Repair of 8-oxoguanine and Ogg1-incised apurinic sites in a CHO cell line.

The repair mechanisms involved in the removal of 8-oxo-7,8-dihydroguanine (8-oxoG) in damaged DNA have been investigated using cell-free extracts or purified proteins. However, in vivo repair assays are required to further dissect mechanisms involved in the repair of 8-oxoG in the cellular context. In this study, we analyzed the removal of 8-oxoG from plasmids that contain a single 8-oxoG.C base pair in a sequence that can be transcribed (TS) or nontranscribed (NTS) in a chinese hamster ovary (CHO) cell line. The results show that 8-oxoG located in a TS is removed faster than in a NTS, indicating transcription-coupled repair (TCR) of 8-oxoG in rodent cells.
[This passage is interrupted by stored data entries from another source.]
(* For every $b>0$ and $0\le\delta<1$ there exists a univariate polynomial $s_{b,\delta}$ of degree $\lceil\sqrt{2\theta\log(4/\delta)}\rceil$, where $\theta=\lceil\max\{\tfrac12be^2,\log(2/\delta)\}\rceil$, such that \[ |\exp(-2t)-s_{b,\delta}^2(t)|\le2\delta+\delta^2\le3\delta\qquad\forall t\in[0,b]. \]
   Context: $\log$ is the natural logarithm and $e$ is Euler's number. *)

From HB Require Import structures.
From mathcomp Require Import all_boot all_order all_algebra.
From mathcomp Require Import all_classical all_reals all_analysis.
Set Implicit Arguments. Unset Strict Implicit. Unset Printing Implicit Defensive.
Import Order.TTheory GRing.Theory Num.Theory.
Local Open Scope ring_scope.

Definition theta (R : realType) (b delta : R) : R :=
  (Num.ceil (Num.max (b * expR 1 ^+ 2 / 2) (ln (2 / delta))))%:~R.

Definition sdeg (R : realType) (b delta : R) : nat :=
  `|Num.ceil (Num.sqrt (2 * theta b delta * ln (4 / delta)))|%N.

From HB Require Import structures.
From mathcomp Require Import all_boot all_order all_algebra.
From mathcomp Require Import all_classical all_reals all_analysis.
From mathcomp Require Import ring lra zify.
Import Order.TTheory GRing.Theory Num.Theory numFieldNormedType.Exports.

Set Implicit Arguments.
Unset Strict Implicit.
Unset Printing Implicit Defensive.

Local Open Scope classical_set_scope.
Local Open Scope ring_scope.
Lemma liftop_unitmx (R : 'M[K]_(N d 2)) p i :
  R \in unitmx -> (1 <= i <= p)%N -> liftop R p.+1 i \in unitmx.
Proof.
move=> R_unit /andP[i_gt0 i_le_p]; rewrite liftop_window_op //.
apply: (proj1 (@mulmx1_unit _ _ _ (@window_op p 1 1%:M (invmx R) i.-1) _)).
by rewrite window_op_mul ?mulmx1 ?mulmxV ?window_op11 //; lia.
Qed.

Lemma tpow_unitmx (th : 'M[K]_d) p : th \in unitmx -> tpow th p \in unitmx.
Proof.
move=> th_unit; apply: (proj1 (@mulmx1_unit _ _ _ (tpow (invmx th) p) _)).
by rewrite tpow_mul mulmxV // tpow1.
Qed.

Lemma idealComp_tpow_eq (M : 'M[K]_(N d 2)) (th : 'M[K]_d) p :
  (M *m tpow th 2 <= M)%MS -> th \in unitmx ->
  (idealComp M p *m tpow th p == idealComp M p)%MS.
Proof.
case/submxP=> Y MthY th_unit.
have sub : (idealComp M p *m tpow th p <= idealComp M p)%MS.
  rewrite /idealComp big_geq_mkord sumsmxMr; apply/sumsmx_subP => i /= i_gt0.
  apply: (sumsmx_sup i) => //.
  case: p => [|p] in i i_gt0 *; first by have := ltn_ord i.
  have i_le_p : (i <= p)%N by have := ltn_ord i; lia.
  rewrite (liftop_window_op M) // (@tpow_window_op th p i.-1); last lia.
  rewrite window_op_mul; last lia.
  rewrite mul1mx MthY.
  have := @window_op_mul p 1 th 1%:M Y M i.-1; rewrite mulmx1 => <-; last lia.
  exact: submxMl.
apply/andP; split => //.
by rewrite -(geq_leqif (mxrank_leqif_sup sub)) mxrankMfree // row_free_unit tpow_unitmx.
Qed.
End Mx.
(* Let $(\mathcal{S},\mathcal{A},P,r)$ be an MDP with finite state and action spaces and $r\in[0,1]$, and let $\widehat P$ be the empirical kernel formed from $n$ i.i.d. samples $S^1_{s,a},\dots,S^n_{s,a}\sim P(\cdot\mid s,a)$ for each $(s,a)$. Fix $\gamma\in(0,1)$, $M>0$ and $s\in\mathcal{S}$. For $u\in[0,1]$, let $\widehat V^{(s,u)}_{\gamma,M}$ be the unique fixed point of $\mathrm{Clip}_M\circ\widehat{\mathcal{T}}^{(s,u)}_\gamma$ and let $\widehat V^\star_{\gamma,M}$ be the unique fixed point of $\mathrm{Clip}_M\circ\widehat{\mathcal{T}}_\gamma$. Then: (i) for any $u,u'\in[0,1]$, $\|\widehat V^{(s,u)}_{\gamma,M}-\widehat V^{(s,u')}_{\gamma,M}\|_\infty\le\frac{|u-u'|}{1-\gamma}$; (ii) with $u^\star(s)=\widehat{\mathcal{T}}_\gamma(\widehat V^\star_{\gamma,M})(s)-\gamma\widehat V^\star_{\gamma,M}(s)$, we have $u^\star(s)\in[0,1]$ and $\widehat V^{(s,u^\star(s))}_{\gamma,M}=\widehat V^\star_{\gamma,M}$; (iii) for any $\varepsilon>0$ there is a finite set $U\subset[0,1]$ with $|U|=\lceil\frac1{2(1-\gamma)\varepsilon}\rceil$ such that almost surely, for every $s\in\mathcal{S}$ there exists $u\in U$ with $\|\widehat V^\star_{\gamma,M}-\widehat V^{(s,u)}_{\gamma,M}\|_\infty\le\varepsilon$; (iv) for any $u\in[0,1]$ and $a\in\mathcal{A}$, $\widehat V^{(s,u)}_{\gamma,M}$ is independent of the samples $S^1_{s,a},\dots,S^n_{s,a}$.
   Context: $\widehat{\mathcal{T}}_\gamma(x)(s')=\max_a\big(r(s',a)+\gamma\sum_{s''}\widehat P(s''\mid s',a)x(s'')\big)$. $\widehat P^{(s)}$ equals $\widehat P$ except that $s$ is absorbing: $\widehat P^{(s)}(\cdot\mid s'',a)=\widehat P(\cdot\mid s'',a)$ for $s''\ne s$ and $\widehat P^{(s)}(s\mid s,a)=1$. $r^{(s,u)}$ equals $r$ except $r^{(s,u)}(s,a)=u$ for all $a$. $\widehat{\mathcal{T}}^{(s,u)}_\gamma(x)(s')=\max_a\big(r^{(s,u)}(s',a)+\gamma\sum_{s''}\widehat P^{(s)}(s''\mid s',a)x(s'')\big)$. $\mathrm{Clip}_M(V)=\min\{V,(M+\min_{s'}V(s'))\mathbf 1\}$ elementwise; $\mathrm{Clip}_M$ composed with a $\gamma$-discounted Bellman operator is a $\gamma$-contraction in $\|\cdot\|_\infty$, so these fixed points exist and are unique. *)

From HB Require Import structures.
From mathcomp Require Import all_boot all_order all_algebra.
From mathcomp Require Import all_classical all_reals ereal.
Set Implicit Arguments. Unset Strict Implicit. Unset Printing Implicit Defensive.
Import Order.TTheory GRing.Theory Num.Theory.
Local Open Scope ring_scope.
Theorem lemma3p5 (R : realType) (d : nat) (hd : (1 <= d)%N)
  (a : 'I_d.+1 -> 'rV[R]_d.+1) (C : 'rV[R]_d.+1) (R' : R) :
  is_simplex a ->
  is_circum (simplex_set a) C R' ->
  cos R' < (Num.sqrt (d.+1)%:R)^-1 ->
  (forall i, sangle C (a i) = R') ->
  (exists (b : 'I_d.+1 -> 'rV[R]_d.+1) (Cb : 'rV[R]_d.+1),
      is_simplex b /\ is_regular b /\ is_circum (simplex_set b) Cb R' /\
      (forall i, sangle Cb (b i) = R'))
  /\
  (forall (b : 'I_d.+1 -> 'rV[R]_d.+1) (Cb : 'rV[R]_d.+1),
      is_simplex b -> is_regular b -> is_circum (simplex_set b) Cb R' ->
      (forall i, sangle Cb (b i) = R') ->
      vertex_diam b Cb <= vertex_diam a C).
Proof.
move=> a_simplex C_circum cos_lt a_on_circum.
have c_gt0 := circum_cos_gt0 a_simplex C_circum a_on_circum.
have c2N_lt1 := sqrM_lt1 c_gt0 (ltr0n _ d.+1) cos_lt.
have R'_eq := circum_radius a_simplex C_circum a_on_circum.
split.
  exists (reg_vertex (k:=d) (cos R')), (reg_center R d).
  split; first exact: (reg_simplex hd c_gt0 c2N_lt1).
  split; first exact: reg_regular.
  split; first exact: (reg_circum hd c_gt0 c2N_lt1 R'_eq).
  by move=> i; rewrite /sangle reg_center_dotv -R'_eq.
move=> b Cb b_simplex b_regular Cb_circum b_on_circum.
have [lam C_coords] := simplex_coords a_simplex C.
have [mu Cb_coords] := simplex_coords b_simplex Cb.
have mu_eq := regular_circum_coords hd b_simplex b_regular Cb_circum b_on_circum Cb_coords.
have [i lami_ge] : exists i, (cos R' * d.+1%:R)^-1 <= lam i.
  apply: exists_ge_mean; rewrite -(mulKf (lt0r_neq0 c_gt0) (\sum_i lam i)).
  rewrite (circum_coords_sum a_simplex C_circum a_on_circum C_coords) mulr1.
  by rewrite invfM mulrCA mulfV ?mulr1.
have c_lt_mu j : cos R' < mu j.
  by rewrite mu_eq -[X in _ < X]mulr1 ltr_pdivlMl ?mulr_gt0 // mulrAC -expr2.
have mu_le_lam j : mu j <= lam i by rewrite mu_eq.
have c_lt_lam : cos R' < lam i := lt_le_trans (c_lt_mu i) (mu_le_lam i).
apply: bigmax_le => [|j _]; apply: le_trans (le_bigmax _ _ i).
  exact: opp_angle_ge0 a_simplex C_circum a_on_circum C_coords _ c_lt_lam.
apply: (opp_angle_le a_simplex b_simplex C_circum Cb_circum
          a_on_circum b_on_circum C_coords Cb_coords).
by rewrite c_lt_mu mu_le_lam.
Qed.
Lemma shortest_path_inner u v w s :
  u \in V -> w \in V -> v != u -> v != w ->
  shortest_path V e u w s -> v \in u :: s -> [/\ e u v, e v w & ~~ e u w].
Proof.
move=> uV wV vu vw [ws smin]; rewrite inE (negbTE vu) /=.
have [s2 ws2 s2_le2] := diam2 uV wV; have := leq_trans (smin _ ws2) s2_le2.
case: s ws smin => [|a [|b [|//]]] [_ /= p l] smin _ //.
  by rewrite l mem_seq1 (negbTE vw).
move: p; rewrite andbT l !inE (negbTE vw) orbF => /andP [eua eaw] /eqP va; subst a.
split=> //; apply/negP=> euw.
suff /smin : gwalk V e u w [:: w] by [].
by split; rewrite //= ?uV ?wV ?euw.
Qed.

Lemma strongly_resolves_inner w u v :
  u \in V -> v \in V -> w \in V -> u != v -> w != u -> w != v ->
  strongly_resolves V e w u v ->
  [/\ e u v, e v w & ~~ e u w] \/ [/\ e v u, e u w & ~~ e v w].
Proof.
move=> uV vV wV uv wu wv [[s [sp vs]]|[s [sp us]]]; [left | right].
  by apply: shortest_path_inner sp vs; rewrite // eq_sym.
by apply: shortest_path_inner sp us; rewrite // eq_sym.
Qed.
End DiameterTwo.

Section IntersectingFamilies.
Variable T : finType.

Lemma card_set_of : #|{set T}| = (2 ^ #|T|)%N.
Proof. by rewrite -cardsT -card_powerset powersetT cardsT. Qed.

Lemma card_intersecting (G : {set {set T}}) :
  {in G &, forall A B, A :&: B != set0} -> (2 * #|G| <= 2 ^ #|T|)%N.
Proof.
move=> meetG; set C := [set ~: A | A in G].
have cardC : #|C| = #|G| by apply/card_imset/setC_inj.
have GC0 : G :&: C = set0.
  apply/setP=> A; rewrite !inE; apply/andP=> -[AG /imsetP [B BG defA]].
  by have := meetG _ _ AG BG; rewrite defA setIC setICr eqxx.
have := cardsUI G C; rewrite GC0 cards0 addn0 cardC -card_set_of mul2n -addnn => <-.
exact: max_card.
Qed.

Lemma card_intersecting_proper (G : {set {set T}}) :
  (0 < #|T|)%N -> {in G &, forall A B, A :&: B != set0} -> setT \notin G ->
  (#|G|.+1 <= 2 ^ #|T|.-1)%N.
Proof.
move=> T_gt0 meetG TnG.
have G_neq0 A : A \in G -> A != set0 by move=> AG; rewrite -[A]setIid meetG.
have T_neq0 : [set: T] != set0 by rewrite -card_gt0 cardsT.
have meetTG : {in setT |: G &, forall A B, A :&: B != set0}.
  move=> A B; rewrite !inE => /predU1P [->|AG] /predU1P [->|BG];
    rewrite ?setTI ?setIT ?meetG //; exact: G_neq0.
have := card_intersecting meetTG.
by rewrite cardsU1 TnG -(prednK T_gt0) expnS leq_pmul2l.
Qed.

Lemma card_sets_mem (x : T) : #|[set A : {set T} | x \in A]| = (2 ^ #|T|.-1)%N.
Proof.
have notin_sub (B : {set T}) : B \subset [set~ x] -> x \notin B.
  by move/subsetP=> sB; apply/negP=> /sB; rewrite !inE eqxx.
have -> : [set A : {set T} | x \in A] = [set x |: B | B in powerset [set~ x]].
  apply/setP=> A; rewrite inE; apply/idP/imsetP=> [xA|[B _ ->]]; last exact: setU11.
  by exists (A :\ x); rewrite ?setD1K // inE setDE subsetIr.
rewrite card_in_imset ?card_powerset ?cardsC1 // => B C.
rewrite !inE => /notin_sub nB /notin_sub nC eqBC.
by rewrite -(setU1K nB) eqBC setU1K.
Qed.
End IntersectingFamilies.

Section ProductOfFields.
Variables (n : nat) (R : finComNzRingType) (F : 'I_n -> finFieldType).
Variables (f : R -> forall i, F i) (g : (forall i, F i) -> R).
Hypotheses (fK : cancel f g) (gK : cancel g f).
Hypothesis f_add : forall x y i, f (x + y) i = f x i + f y i.
Hypothesis f_mul : forall x y i, f (x * y) i = f x i * f y i.

Definition supp (x : R) : {set 'I_n} := [set i | f x i != 0].

Lemma f0 i : f 0 i = 0.
Proof. by apply: (addrI (f 0 i)); rewrite -f_add !addr0. Qed.

Lemma supp_eq0 x : (supp x == set0) = (x == 0).
Proof.
apply/eqP/eqP=> [supp0|->]; last by apply/setP=> i; rewrite !inE f0 eqxx.
rewrite -[x]fK -[0]fK; congr g; apply: functional_extensionality_dep => i.
by apply/eqP; move/setP/(_ i): supp0; rewrite !inE f0 => /negbFE.
Qed.

Lemma suppM x y : supp (x * y) = supp x :&: supp y.
Proof. by apply/setP=> i; rewrite !inE f_mul mulf_eq0 negb_or. Qed.

Definition idem (S : {set 'I_n}) : R := g (fun i => if i \in S then 1 else 0).

Lemma supp_idem S : supp (idem S) = S.
Proof. by apply/setP=> i; rewrite inE gK; case: (i \in S); rewrite ?oner_eq0 ?eqxx. Qed.

Lemma idem_inj : injective idem.
Proof. exact: can_inj supp_idem. Qed.

Local Notation V := (zstar R).
Local Notation e := (@gammac_adj R).

Lemma zstarE x : (x \in V) = (supp x != set0) && (supp x != setT).
Proof.
rewrite inE supp_eq0; apply: andb_id2l => _.
apply/existsP/idP=> [[y /andP [y0 /eqP xy0]]|].
  apply: contraNneq y0 => xT.
  by rewrite -supp_eq0 -(setTI (supp y)) -xT -suppM xy0 supp_eq0.
rewrite -properT => /properP [_ [j _ jx]]; exists (idem [set j]).
rewrite -!supp_eq0 suppM supp_idem; apply/andP; split.
  by apply/set0Pn; exists j; rewrite inE.
apply/eqP/setP=> i; rewrite in_setI in_set1 in_set0.
by case: eqP => [->|]; rewrite ?andbF ?andbT ?(negbTE jx).
Qed.

Lemma gammac_adjE x y : e x y = (x != y) && (supp x :&: supp y != set0).
Proof. by rewrite /gammac_adj -suppM supp_eq0. Qed.

Lemma gammac_adjI x y i : x != y -> i \in supp x -> i \in supp y -> e x y.
Proof.
by move=> xy ix iy; rewrite gammac_adjE xy; apply/set0Pn; exists i; rewrite inE ix.
Qed.

Lemma supp_neq x y i : i \in supp x -> i \notin supp y -> x != y.
Proof. by move=> ix; apply: contraNneq => <-. Qed.

Lemma idem_zstar S : (idem S \in V) = (S != set0) && (S != setT).
Proof. by rewrite zstarE supp_idem. Qed.

Hypothesis n_gt2 : (2 < n)%N.

Lemma gammac_diam2 u w : u \in V -> w \in V ->
  exists2 s, gwalk V e u w s & (size s <= 2)%N.
Proof.
move=> uV wV; have [<-|uw] := eqVneq u w; first by exists [::]; split; rewrite //= uV.
have [euw|] := boolP (e u w); first by exists [:: w]; split; rewrite //= ?uV ?wV ?euw.
rewrite gammac_adjE uw /= negbK => /eqP disj.
have [[i iu] [j jw]] : (exists i, i \in supp u) /\ (exists j, j \in supp w).
  by move: uV wV; rewrite !zstarE => /andP [/set0Pn ? _] /andP [/set0Pn ? _].
have ju : j \notin supp u by apply/negP=> ju; move/setP/(_ j): disj; rewrite inE ju jw inE.
have iw : i \notin supp w by apply/negP=> iw; move/setP/(_ i): disj; rewrite inE iu iw inE.
set z := idem [set i; j]; have [iz jz] : i \in supp z /\ j \in supp z.
  by rewrite supp_idem !inE !eqxx orbT.
have zV : z \in V.
  rewrite idem_zstar; apply/andP; split; first by apply/set0Pn; exists i; rewrite !inE eqxx.
  apply: contraTneq n_gt2 => ijT.
  by rewrite -leqNgt -[n]card_ord -cardsT -ijT cards2 ltnS leq_b1.
exists [:: z; w] => //; split; rewrite //= ?uV ?zV ?wV //.
rewrite (gammac_adjI _ iu iz) ?(gammac_adjI _ jz jw) ?(supp_neq iz iw) //.
by rewrite eq_sym (supp_neq jz ju).
Qed.

Lemma strongly_resolved_supp u v w :
  u \in V -> v \in V -> w \in V -> u != v -> w != u -> w != v ->
  strongly_resolves V e w u v -> supp u :&: supp v != set0 /\ supp u != supp v.
Proof.
move=> uV vV wV uv wu wv /(strongly_resolves_inner gammac_diam2 uV vV wV uv wu wv).
have key a b : a != w -> e a b -> e b w -> ~~ e a w ->
    supp a :&: supp b != set0 /\ supp a != supp b.
  move=> aw; rewrite !gammac_adjE aw /= negbK => /andP [_ ab] /andP [_ bw] /eqP aw0.
  by split=> //; apply: contraNneq bw => <-; rewrite aw0.
case=> [[euv evw neuw]|[evu euw nevw]]; first by apply: (key u v); rewrite // eq_sym.
by rewrite setIC (eq_sym (supp u)); apply: (key v u); rewrite // eq_sym.
Qed.

Lemma card_strong_resolving_compl W :
  strong_resolving_set V e W -> (#|V :\: W|.+1 <= 2 ^ n.-1)%N.
Proof.
case=> /subsetP sWV resW; set U := V :\: W.
have sepU : {in U &, forall u v,
    u != v -> supp u :&: supp v != set0 /\ supp u != supp v}.
  move=> u v; rewrite !in_setD => /andP [uW uV] /andP [vW vV] uv.
  have [w wW res] := resW u v uV vV uv.
  apply: strongly_resolved_supp res; rewrite ?(sWV w) //.
  - by apply: contraNneq uW => <-.
  - by apply: contraNneq vW => <-.
have suppU_inj : {in U &, injective supp}.
  move=> u v uU vU eq_uv; apply/eqP; apply: contraT => uv.
  by case: (sepU u v uU vU uv); rewrite eq_uv eqxx.
have UV u : u \in U -> u \in V by rewrite in_setD => /andP [].
rewrite -(card_in_imset suppU_inj).
have := @card_intersecting_proper _ (supp @: U); rewrite card_ord; apply.
- exact: ltnW (ltnW n_gt2).
- move=> _ _ /imsetP [u uU ->] /imsetP [v vU ->].
  have [<-|uv] := eqVneq u v; last by case: (sepU u v uU vU uv).
  by move: (UV u uU); rewrite zstarE setIid => /andP [].
- by apply/imsetP=> -[u /UV]; rewrite zstarE => /andP [_ /eqP uT] /esym.
Qed.

Section Pointed.
Variable i0 : 'I_n.

Definition pointed_sets := [set S : {set 'I_n} | (i0 \in S) && (S != setT)].
Definition pointed_idems := idem @: pointed_sets.

Lemma card_pointed_idems : #|pointed_idems| = (2 ^ n.-1 - 1)%N.
Proof.
rewrite card_imset; last exact: idem_inj.
have -> : pointed_sets = [set S : {set _} | i0 \in S] :\ setT.
  by apply/setP=> S; rewrite !inE andbC.
have := cardsD1 setT [set S : {set 'I_n} | i0 \in S].
by rewrite inE in_setT card_sets_mem card_ord add1n => ->; rewrite subn1.
Qed.

Lemma pointed_idems_sub : pointed_idems \subset V.
Proof.
apply/subsetP=> _ /imsetP [S + ->]; rewrite inE idem_zstar => /andP [i0S ->].
by rewrite andbT; apply/set0Pn; exists i0.
Qed.

Lemma idem1_notin_pointed j : j != i0 -> idem [set j] \in V :\: pointed_idems.
Proof.
move=> ji0; rewrite in_setD idem_zstar; apply/and3P; split.
- apply/imsetP=> -[S]; rewrite inE => /andP [i0S _] /idem_inj jS.
  by move: i0S; rewrite -jS inE eq_sym (negbTE ji0).
- by apply/set0Pn; exists j; rewrite inE.
- by apply: contra_neq ji0 => jT; move: (in_setT i0); rewrite -jT inE => /eqP.
Qed.

Lemma card_zstar_ge : (2 ^ n.-1 <= #|V|)%N.
Proof.
have [j] : exists j, j \in [set~ i0].
  by apply/set0Pn; rewrite -card_gt0 cardsC1 card_ord -ltnS (ltn_predK n_gt2) ltnW.
rewrite !inE => /idem1_notin_pointed /setDP [jV jK].
have : (#|pointed_idems| < #|V|)%N.
  by apply/proper_card/properP; split; [exact: pointed_idems_sub | exists (idem [set j])].
by rewrite card_pointed_idems; have := expn_gt0 2 n.-1; lia.
Qed.

Lemma strongly_resolves_pointed S S' i :
  S \in pointed_sets -> S' \in pointed_sets -> i \in S -> i \notin S' ->
  strongly_resolves V e (idem [set i]) (idem S) (idem S').
Proof.
move=> SP S'P iS iS'.
have [uV vV] : idem S \in V /\ idem S' \in V.
  by split; apply: (subsetP pointed_idems_sub); apply: imset_f.
move: SP S'P; rewrite !inE => /andP [i0S _] /andP [i0S' _].
have ii0 : i != i0 by apply: contraNneq iS' => ->.
have /setDP [wV _] := idem1_notin_pointed ii0.
right; exists [:: idem S; idem [set i]]; split; last by rewrite !inE eqxx orbT.
apply: shortest_path_two; first by split.
- by rewrite eq_sym; apply: (@supp_neq _ _ i); rewrite supp_idem ?inE.
- apply: (@gammac_adjI _ _ i0); rewrite ?supp_idem // eq_sym.
  by apply: (@supp_neq _ _ i); rewrite supp_idem.
- apply: (@gammac_adjI _ _ i); rewrite ?supp_idem ?inE //.
  by apply: (@supp_neq _ _ i0); rewrite !supp_idem ?inE // eq_sym.
- rewrite gammac_adjE negb_and !negbK !supp_idem; apply/orP; right.
  apply/eqP/setP=> k; rewrite !inE.
  by case: eqP => [->|]; rewrite ?andbF ?andbT ?(negbTE iS').
Qed.
Let commute := commute_flips HT Hf Hg swap_no_arc.
Let edges := commute_flips_edges HT Hf Hg swap_no_arc.

Let trs_swap y : y != k.+1 -> trs T0 G' y = trs T0 G y.
Proof.
move=> yk; case: (leqP y k) => h; first exact: trs_swap_prefix.
by case: commute => _ _ E _; apply: trs_swap_suffix => //; lia.
Qed.


Let swapS_k : swapS k k = k.+1. Proof. by rewrite /swapS eqxx. Qed.
Let swapS_k1 : swapS k k.+1 = k. Proof. by rewrite /swapS (gtn_eqF (ltnSn k)) eqxx. Qed.
Let swapS_id z : z != k -> z != k.+1 -> swapS k z = z.
Proof. by move=> h1 h2; rewrite /swapS (negbTE h1) (negbTE h2). Qed.
Let trs'_k1 : trs T0 G' k.+1 = perform T g.
Proof. by rewrite trsS ?sizeG' ?(ltnW kG) // trs_swap_prefix // nth_swapS swapS_k nth_k1 trs_k. Qed.

Let eps_k : eps G k = f.1. Proof. by rewrite /eps nth_k. Qed.
Let eps_k1 : eps G k.+1 = g.1. Proof. by rewrite /eps nth_k1. Qed.
Let k_neq_k1 : k != k.+1. Proof. by rewrite neq_ltn ltnSn. Qed.

Let eps' z : eps G' z = eps G (swapS k z). Proof. by rewrite /eps nth_swapS. Qed.
Let phi' z : phi G' z = phi G (swapS k z). Proof. by rewrite /phi nth_swapS. Qed.

Lemma swap_final : trs T0 G' (size G) = trs T0 G (size G).
Proof. by apply: trs_swap; rewrite sizeG; lia. Qed.

Lemma swap_valid : valid p T0 G'.
Proof.
split; last by rewrite sizeG' swap_final; exact: HG.2.
move=> y; rewrite sizeG' => yG; rewrite nth_swapS.
have [-> | yk1] := eqVneq y k.+1.
  rewrite trs'_k1 swapS_k1 nth_k; case: commute => Hg0 Hf1 _ _.
  by split; [apply: triangulation_perform | ].
rewrite trs_swap //; have [-> | yk] := eqVneq y k.
  by rewrite swapS_k nth_k1 trs_k; case: commute.
by rewrite swapS_id //; apply: HG.1.
Qed.

Lemma swap_arc_to_f x : flip_arc T0 G' x k.+1 -> flip_arc T0 G x k.
Proof.
case=> xk _ c1 c2; have [Ex | xk'] := eqVneq x k.
  subst x; case: commute => _ _ _ [ne nsh]; exfalso; move: c1.
  rewrite phi' eps' swapS_k swapS_k1 /phi /eps nth_k nth_k1 trs'_k1.
  by case=> [E | sh]; [move/eqP: ne | move/negP: nsh].
have xk0 : x < k by lia.
have sx : swapS k x = x by rewrite swapS_id //; lia.
have [_ C _] := edges.
split => //; first by rewrite ltnW.
- move: c1; rewrite phi' eps' sx swapS_k1 trs'_k1 trs_k => -[E | sh]; [by left | right].
  by apply: (share_tri_sub _ sh) => t tTg _; rewrite /eps nth_k; apply: C.
- move=> z xz zk; have := c2 z xz (ltnW zk).
  by rewrite phi' eps' !swapS_id //; lia.
Qed.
The results also show that CHO cells efficiently repair DNA molecules that contain an Ogg1-incised AP site, which is the first intermediate in the course of base excision repair of 8-oxoG.[1]


  1. Repair of 8-oxoguanine and Ogg1-incised apurinic sites in a CHO cell line. Boiteux, S., le Page, F. Prog. Nucleic Acid Res. Mol. Biol. (2001) [Pubmed]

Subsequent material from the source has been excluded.